This university's RHA will organize and host a regional conference of residence hall associations next year, bringing together hundreds of students to discuss how to improve their organizations.
Last weekend, over 400 students from 50 different schools attended a conference of the Central Atlantic Affiliate of College and University Residence Halls at the University of Pittsburgh. Five RHA delegates presented and won a bid to bring the conference to this university next year.
The university has not hosted a conference in the national association's 56-year history. At each year's conference, members from different schools share programs and strategies for more effectively representing on-campus students and managing their associations.
Senior psychology major and RHA Communications Officer Mitchell Amoros, co-chairman of this university's delegation, said he believed few — if any — students from this university had attempted to undertake the time-consuming process of constructing a bid in previous years.
While more than ten CAA schools initially planned to submit bids, all other schools dropped out or failed to complete their bids on time, leaving this university's bid uncontested. Delegates devoted several hours each week to the 60-page bid during the past year.
"We had to plan out everything from what hotel we'd have everyone at, what they do during the day," Amoros said. "Even what they eat and where they'd eat it."
Students also planned a theme for the conference, "cultural carnival," and will ask each school to create floats to drive across the campus.

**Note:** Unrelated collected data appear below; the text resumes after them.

(* Let $X,Y$ be real Hilbert spaces, let $K\subset X$ be a nonempty closed convex cone, and let $j:Y\times K\to\mathbb{R}$ be such that for every $\eta\in Y$ the function $j(\eta,\cdot):K\to\mathbb{R}$ is convex, positively homogeneous and Lipschitz continuous. Let $I$ be either $[0,T]$ ($T>0$) or $[0,+\infty)$, let $f:I\to X$, $\eta\in Y$, $u,z\in X$ and $t\in I$. Then $$u\in K\ \text{ and }\ j(\eta,v)-j(\eta,u)\ge (f(t)-z,v-u)_X\ \ \forall v\in K \quad\Longleftrightarrow\quad -u\in \mathrm{N}_{C(\eta,t)}(z).$$
   Context: Define $J:Y\times X\to(-\infty,+\infty]$ by $J(\eta,v)=j(\eta,v)$ if $v\in K$ and $J(\eta,v)=+\infty$ otherwise; $C(\eta)=\{\xi\in X: J(\eta,v)\ge(\xi,v)_X\ \forall v\in X\}$ and $C(\eta,t)=f(t)-C(\eta)$. For a nonempty closed convex set $D\subset X$, $\mathrm{N}_D(x)=\{\xi\in X:(\xi,w-x)_X\le 0\ \forall w\in D\}$ if $x\in D$, and $\mathrm{N}_D(x)=\emptyset$ if $x\notin D$. *)

From HB Require Import structures.
From mathcomp Require Import all_boot all_order all_algebra.
From mathcomp Require Import all_classical all_reals all_analysis.
Set Implicit Arguments. Unset Strict Implicit. Unset Printing Implicit Defensive.
Import Order.TTheory GRing.Theory Num.Theory.
Import numFieldNormedType.Exports.
Local Open Scope classical_set_scope.
Local Open Scope ring_scope.

(* A real Hilbert space: a complete normed space over R whose norm is induced
   by the inner product [ip] (symmetric, linear in the first argument). *)
Definition is_inner_product (R : realType) (X : completeNormedModType R)
  (ip : X -> X -> R) : Prop :=
  [/\ (forall x y, ip x y = ip y x),
      (forall (a : R) (x y z : X), ip (a *: x + y) z = a * ip x z + ip y z) &
      (forall x, ip x x = `|x| ^+ 2)].

Definition h_convex_set (R : realType) (X : completeNormedModType R) (D : set X) : Prop :=
  forall x y (l : R), D x -> D y -> 0 <= l <= 1 -> D (l *: x + (1 - l) *: y).

Definition h_is_cone (R : realType) (X : completeNormedModType R) (K : set X) : Prop :=
  forall x (l : R), K x -> 0 <= l -> K (l *: x).

Definition h_convex_fun_on (R : realType) (X : completeNormedModType R)
  (D : set X) (g : X -> R) : Prop :=
  forall x y (l : R), D x -> D y -> 0 <= l <= 1 ->
    g (l *: x + (1 - l) *: y) <= l * g x + (1 - l) * g y.

Definition h_pos_homogeneous_on (R : realType) (X : completeNormedModType R)
  (D : set X) (g : X -> R) : Prop :=
  forall x (l : R), D x -> 0 < l -> g (l *: x) = l * g x.

Definition h_lipschitz_on (R : realType) (X : completeNormedModType R)
  (D : set X) (g : X -> R) : Prop :=
  exists L : R, forall x y, D x -> D y -> `|g x - g y| <= L * `|x - y|.

Definition Jext (R : realType) (X Y : completeNormedModType R) (K : set X)
  (j : Y -> X -> R) (eta : Y) (v : X) : \bar R :=
  if `[< K v >] then (j eta v)%:E else +oo%E.

Definition Cset (R : realType) (X Y : completeNormedModType R) (ip : X -> X -> R)
  (K : set X) (j : Y -> X -> R) (eta : Y) : set X :=
  [set xi | forall v : X, ((ip xi v)%:E <= Jext K j eta v)%E].

Definition Cset_t (R : realType) (X Y : completeNormedModType R) (ip : X -> X -> R)
  (K : set X) (j : Y -> X -> R) (f : R -> X) (eta : Y) (t : R) : set X :=
  [set f t - xi | xi in Cset ip K j eta].

Definition h_normal_cone (R : realType) (X : completeNormedModType R)
  (ip : X -> X -> R) (D : set X) (x : X) : set X :=
  if `[< D x >] then [set xi | forall w, D w -> ip xi (w - x) <= 0] else set0.

From HB Require Import structures.
From mathcomp Require Import all_boot all_order all_algebra.
From mathcomp Require Import all_classical all_reals all_analysis.
From mathcomp Require Import ring lra.
Import Order.TTheory GRing.Theory Num.Theory.
Import numFieldNormedType.Exports.
Local Open Scope classical_set_scope.
Local Open Scope ring_scope.
Set Implicit Arguments.
Unset Strict Implicit.
Lemma poisson_weight_partial_mean_le r M : 0 <= r ->
  \sum_(s < M) s%:R * poisson_weight r s <= r.
Proof.
move=> r0; case: M => [|M]; first by rewrite big_ord0.
rewrite big_ord_recl /= mul0r add0r.
have -> : \sum_(i < M) (bump 0 i)%:R * poisson_weight r (bump 0 i) =
          r * \sum_(i < M) poisson_weight r i.
  rewrite mulr_sumr; apply: eq_bigr => i _.
  rewrite /bump /= add1n /poisson_weight factS natrM exprS.
  have fact_neq0 : (i`!)%:R != 0 :> R by rewrite pnatr_eq0 -lt0n fact_gt0.
  have succ_neq0 : (i.+1)%:R != 0 :> R by rewrite pnatr_eq0.
  by field; rewrite fact_neq0 addrC natr1 succ_neq0.
exact/ler_piMr/poisson_weight_partial_sum_le1.
Qed.

Lemma poisson_cdfE k r : poisson_cdf k r = \sum_(s < k.+1) poisson_weight r s.
Proof.
by rewrite /poisson_cdf mulr_sumr; apply: eq_bigr => s _; rewrite mulrC.
Qed.

Lemma poisson_weight_partial_tail_le r k M : 0 <= r ->
  \sum_(s < M) (k < s)%N%:R * poisson_weight r s <= 1 - poisson_cdf k r.
Proof.
move=> r0; rewrite poisson_cdfE lerBrDr.
apply: le_trans (poisson_weight_partial_sum_le1 (maxn M k.+1) r0).
rewrite (big_ord_widen _ (poisson_weight r) (leq_maxr M k.+1)).
rewrite (big_ord_widen _ (fun s => (k < s)%N%:R * poisson_weight r s)
                       (leq_maxl M k.+1)).
rewrite [X in X + _]big_mkcond [X in _ + X]big_mkcond -big_split /=.
apply: ler_sum => s _.
rewrite ltnS; case: (s < M)%N; case: leqP => _;
  by rewrite ?mul1r ?mul0r ?add0r ?addr0 ?poisson_weight_ge0.
Qed.

End PoissonWeight.

Section PoissonDomination.
Variable R : realType.

Definition poisson_dominated (A : {poly R}) (r : R) :=
  forall s, 0 <= A`_s /\ A`_s <= poisson_weight r s.

Lemma poisson_dominated1 : poisson_dominated 1 0.
Proof. by move=> s; rewrite coef1 poisson_weight0; split. Qed.

Lemma poisson_dominatedM A B a b : 0 <= a -> 0 <= b ->
  poisson_dominated A a -> poisson_dominated B b ->
  poisson_dominated (A * B) (a + b).
Proof.
move=> a0 b0 domA domB s; rewrite coefM poisson_weightD; split.
  apply: sumr_ge0 => j _.
  by have [? _] := domA j; have [? _] := domB (s - j)%N; apply: mulr_ge0.
apply: ler_sum => j _.
by have [? ?] := domA j; have [? ?] := domB (s - j)%N; apply: ler_pM.
Qed.

Lemma poisson_dominated_prod (I : Type) (rs : seq I) (P : pred I)
    (A : I -> {poly R}) (r : I -> R) :
  (forall i, P i -> 0 <= r i /\ poisson_dominated (A i) (r i)) ->
  poisson_dominated (\prod_(i <- rs | P i) A i) (\sum_(i <- rs | P i) r i).
Proof.
move=> domA; suff [] : 0 <= \sum_(i <- rs | P i) r i /\
    poisson_dominated (\prod_(i <- rs | P i) A i) (\sum_(i <- rs | P i) r i) by [].
apply: (big_rec2 (fun r A => 0 <= r /\ poisson_dominated A r)).
  by split => //; apply: poisson_dominated1.
move=> i a B /domA[ri0 domAi] [a0 domB].
by split; [apply: addr_ge0 | apply: poisson_dominatedM].
Qed.

(* Generating polynomial of a Poisson(r) count truncated to [0, K); when [b]
   is false the count is not recorded and only its total mass remains. *)
Definition trunc_poisson_genpoly (K : nat) (r : R) (b : bool) : {poly R} :=
  \sum_(c < K) poisson_pmf r c *: 'X^(if b then c : nat else 0%N).

Lemma trunc_poisson_genpoly_dominated K r b : 0 < r ->
  poisson_dominated (trunc_poisson_genpoly K r b) (if b then r else 0).
Proof.
move=> r0 t; rewrite coef_sum; split.
  by apply: sumr_ge0 => c _; rewrite coefZ coefXn mulr_ge0 ?poisson_pmf_ge0.
case: b.
  under eq_bigr do rewrite coefZ coefXn poisson_pmfE //.
  case: (ltnP t K) => [ltK|geK].
    rewrite (bigD1 (Ordinal ltK)) //= eqxx mulr1 big1 ?addr0 // => c neq_c.
    case: eqP => [eq_tc|]; last by rewrite mulr0.
    by case/eqP: neq_c; apply: val_inj; rewrite /= eq_tc.
  rewrite big1 ?poisson_weight_ge0 ?ltW // => c _.
  by rewrite gtn_eqF ?mulr0 // (leq_trans (ltn_ord c) geK).
under eq_bigr do rewrite coefZ coefXn eq_sym.
rewrite -mulr_suml poisson_weight0 mulrC eq_sym.
case: (t == 0%N); rewrite ?mul0r // mul1r.
under eq_bigr do rewrite poisson_pmfE //.
exact/poisson_weight_partial_sum_le1/ltW.
Qed.

End PoissonDomination.

Section TruncatedArrivals.
Variables (R : realType) (I : finType) (lam : I -> R) (K : nat).
Hypothesis lam_gt0 : forall i, 0 < lam i.

Definition box_prob (g : {ffun I -> 'I_K}) : R :=
  \prod_i poisson_pmf (lam i) (g i).

Definition box_count (S : {set I}) (g : {ffun I -> 'I_K}) : nat :=
  \sum_(i in S) g i.

Lemma box_prob_ge0 g : 0 <= box_prob g.
Proof. by apply: prodr_ge0 => i _; apply: poisson_pmf_ge0. Qed.

Lemma lamS_ge0 S : 0 <= lamS lam S.
Proof. by apply: sumr_ge0 => i _; apply: ltW. Qed.

Lemma box_count_lt S g : (box_count S g < (#|I| * K).+1)%N.
Proof.
rewrite ltnS -sum_nat_const /box_count big_mkcond /=; apply: leq_sum => i _.
by case: (i \in S) => //; apply: ltnW.
Qed.

Lemma box_count_genpolyE S :
  \sum_(g : {ffun I -> 'I_K}) box_prob g *: 'X^(box_count S g) =
  \prod_i trunc_poisson_genpoly K (lam i) (i \in S).
Proof.
rewrite bigA_distr_bigA /=; apply: eq_bigr => g _.
rewrite scaler_prod /box_count; congr (_ *: _).
rewrite (big_morph (fun n => 'X^n : {poly R}) (exprD 'X) (expr0 'X)).
by rewrite [LHS]big_mkcond; apply: eq_bigr => i _; case: (i \in S).
Qed.

Lemma box_count_pmf_le S s :
  \sum_(g : {ffun I -> 'I_K}) box_prob g * (box_count S g == s)%:R
  <= poisson_weight (lamS lam S) s.
Proof.
have -> : \sum_g box_prob g * (box_count S g == s)%:R =
    (\sum_(g : {ffun I -> 'I_K}) box_prob g *: 'X^(box_count S g))`_s.
  by rewrite coef_sum; apply: eq_bigr => g _; rewrite coefZ coefXn eq_sym.
rewrite box_count_genpolyE /lamS [X in poisson_weight X]big_mkcond /=.
suff /(_ s)[_ //] : poisson_dominated
    (\prod_i trunc_poisson_genpoly K (lam i) (i \in S))
    (\sum_i if i \in S then lam i else 0).
apply: poisson_dominated_prod => i _; split.
  by case: (i \in S) => //; apply: ltW.
exact: trunc_poisson_genpoly_dominated.
Qed.

Lemma box_expect_le S (phi : nat -> R) : (forall s, 0 <= phi s) ->
  \sum_(g : {ffun I -> 'I_K}) box_prob g * phi (box_count S g) <=
  \sum_(s < (#|I| * K).+1) phi s * poisson_weight (lamS lam S) s.
Proof.
move=> phi_ge0.
have -> : \sum_g box_prob g * phi (box_count S g) =
    \sum_(s < (#|I| * K).+1) phi s *
      \sum_(g : {ffun I -> 'I_K}) box_prob g * (box_count S g == s)%:R.
  under [RHS]eq_bigr do rewrite mulr_sumr.
  rewrite exchange_big /=; apply: eq_bigr => g _.
  have := big_indicator_eq xpredT (fun s : 'I__ => phi s * box_prob g)
                          (Ordinal (box_count_lt S g)).
  rewrite /= mul1r mulrC => <-; apply: eq_bigr => s _.
  by rewrite -val_eqE /=; ring.
by apply: ler_sum => s _; rewrite ler_wpM2l ?box_count_pmf_le.
Qed.

End TruncatedArrivals.

Lemma sum_eq_Some_le1 (R : numDomainType) (J : finType) (o : option J)
    (T : pred J) :
  \sum_(j | T j) (o == Some j)%:R <= 1 :> R.
Proof.
case: o => [j0|]; last by rewrite big1.
have := big_indicator_eq T (fun _ => 1 : R) j0; under eq_bigr do rewrite mulr1.
by move=> ->; rewrite mulr1; case: (T j0).
Qed.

The delegate team negotiated with representatives from a host of university departments, including the University of Maryland University College Inn and Conference Center, the Resident Life Department and the Department of Transportation Services. The conference will utilize several buildings on campus, including Cole Field House and the Stamp Student Union.

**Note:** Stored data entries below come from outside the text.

Let mem_p2 x : (x \in p2) = (0 < x <= k).
Proof. by rewrite (perm_mem perm2) mem_iota; apply/idP/idP; lia. Qed.

Let nth_p1 j : j < i -> 0 < p1_[j] <= i.
Proof. by move=> lt_ji; rewrite -mem_p1 mem_nth ?size_p1. Qed.

Let nth_p2 j : j < k -> 0 < p2_[j] <= k.
Proof. by move=> lt_jk; rewrite -mem_p2 mem_nth ?size_p2. Qed.

Let head_p2 : c = p2_[0]. Proof. by case: (p2). Qed.

Let j0_lt_i : j0 < i. Proof. by rewrite -size_p1 index_mem mem_p1. Qed.

Let nth_p1_j0 : p1_[j0] = 1. Proof. by rewrite nth_index ?mem_p1. Qed.

Let nth_p1_gt1 j : j < i -> j != j0 -> 1 < p1_[j].
Proof.
move=> lt_ji; apply: contraNT => le_1.
have eq1 : p1_[j] = 1 by have := nth_p1 lt_ji; lia.
by rewrite -eq1 index_uniq ?size_p1.
Qed.

Lemma size_star : size s = i + k.
Proof. by rewrite /star size_cat size_map /= size_behead size_p1 size_p2; lia. Qed.

Lemma nth_star_j0 : s_[j0] = c.
Proof.
rewrite /star nth_cat size_map size_p1 j0_lt_i (nth_map 0) ?size_p1 // nth_p1_j0.
by rewrite size_p2 add1n subn1 prednK ?eqxx //; lia.
Qed.

Lemma nth_star_prefix j : j < i -> 1 < p1_[j] -> s_[j] = p1_[j] + (k - 1).
Proof.
move=> lt_ji gt1; rewrite /star nth_cat size_map size_p1 lt_ji (nth_map 0) ?size_p1 //.
by rewrite size_p2; case: eqP; lia.
Qed.

Lemma nth_star_index x : 1 < x <= i -> s_[index x p1] = x + (k - 1).
Proof.
move=> x_range; have x_p1 : x \in p1 by rewrite mem_p1; lia.
have lt_x : index x p1 < i by rewrite -size_p1 index_mem.
by rewrite nth_star_prefix //; rewrite nth_index //; lia.
Qed.

Lemma nth_star_i : s_[i] = i + k.
Proof. by rewrite /star nth_cat size_map size_p1 ltnn subnn size_p2. Qed.

Lemma nth_star_suffix j : i < j -> s_[j] = p2_[j - i].
Proof.
move=> lt_ij; rewrite /star nth_cat size_map size_p1 ltnNge (ltnW lt_ij) /=.
by case E: (j - i) => [|m]; [lia | rewrite /= nth_behead].
Qed.

Lemma star_avoid321_head1 : avoids s [:: 3; 2; 1] -> head 0 p1 = 1 \/ c = 1.
Proof.
move=> avoid321; case: (eqVneq (head 0 p1) 1) => [|h1]; first by left.
case: (eqVneq c 1) => [|c_ne1]; first by right.
exfalso; apply/avoid321/contains_321P.
have j0_gt0 : 0 < j0.
  by rewrite lt0n; apply: contra h1 => /eqP j0_0; have := nth_p1_j0; rewrite j0_0 nth0 => ->.
have one_p2 : 1 \in p2 by rewrite mem_p2; lia.
have z_lt_k : index 1 p2 < k by rewrite -size_p2 index_mem.
have z_gt0 : 0 < index 1 p2.
  rewrite lt0n; apply: contra c_ne1 => /eqP z_0.
  by have := nth_index 0 one_p2; rewrite z_0 -head_p2 => ->.
exists 0, j0, (i + index 1 p2); rewrite size_star; split; try lia.
- have := nth_p2 (ltnW k_gt1); have gt1 := nth_p1_gt1 i_gt0 (negbT (ltn_eqF j0_gt0)).
  by rewrite nth_star_j0 nth_star_prefix // -head_p2; lia.
- rewrite nth_star_j0 nth_star_suffix ?addKn ?nth_index //; last lia.
  by have := nth_p2 (ltnW k_gt1); rewrite -head_p2; lia.
Qed.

Negotiations for sponsorship from university departments such as DOTS and the student union eventually helped subsidize the cost to conference attendees, though keeping fees affordable initially posed a big challenge.
"It can be more expensive to host something like this here, because a hotel room might cost more in this area than one out in the country, for example," Resident Life Director Deb Grandner said.
Program chairwoman Elli Farr, a sophomore physiology and neurobiology and Spanish major, guessed initial difficulties finding sponsorship might have been due to the lackluster economy, though the team overcame roadblocks to bring the cost to attendees down to about $160, only a dollar difference from this year's conference.
Members of the team were motivated most by a desire to show off the university.
"We're so insanely proud to be at the University of Maryland," Amoros said. "We think we have one of the best schools in the country ... and we wanted to be able to show that off to everybody."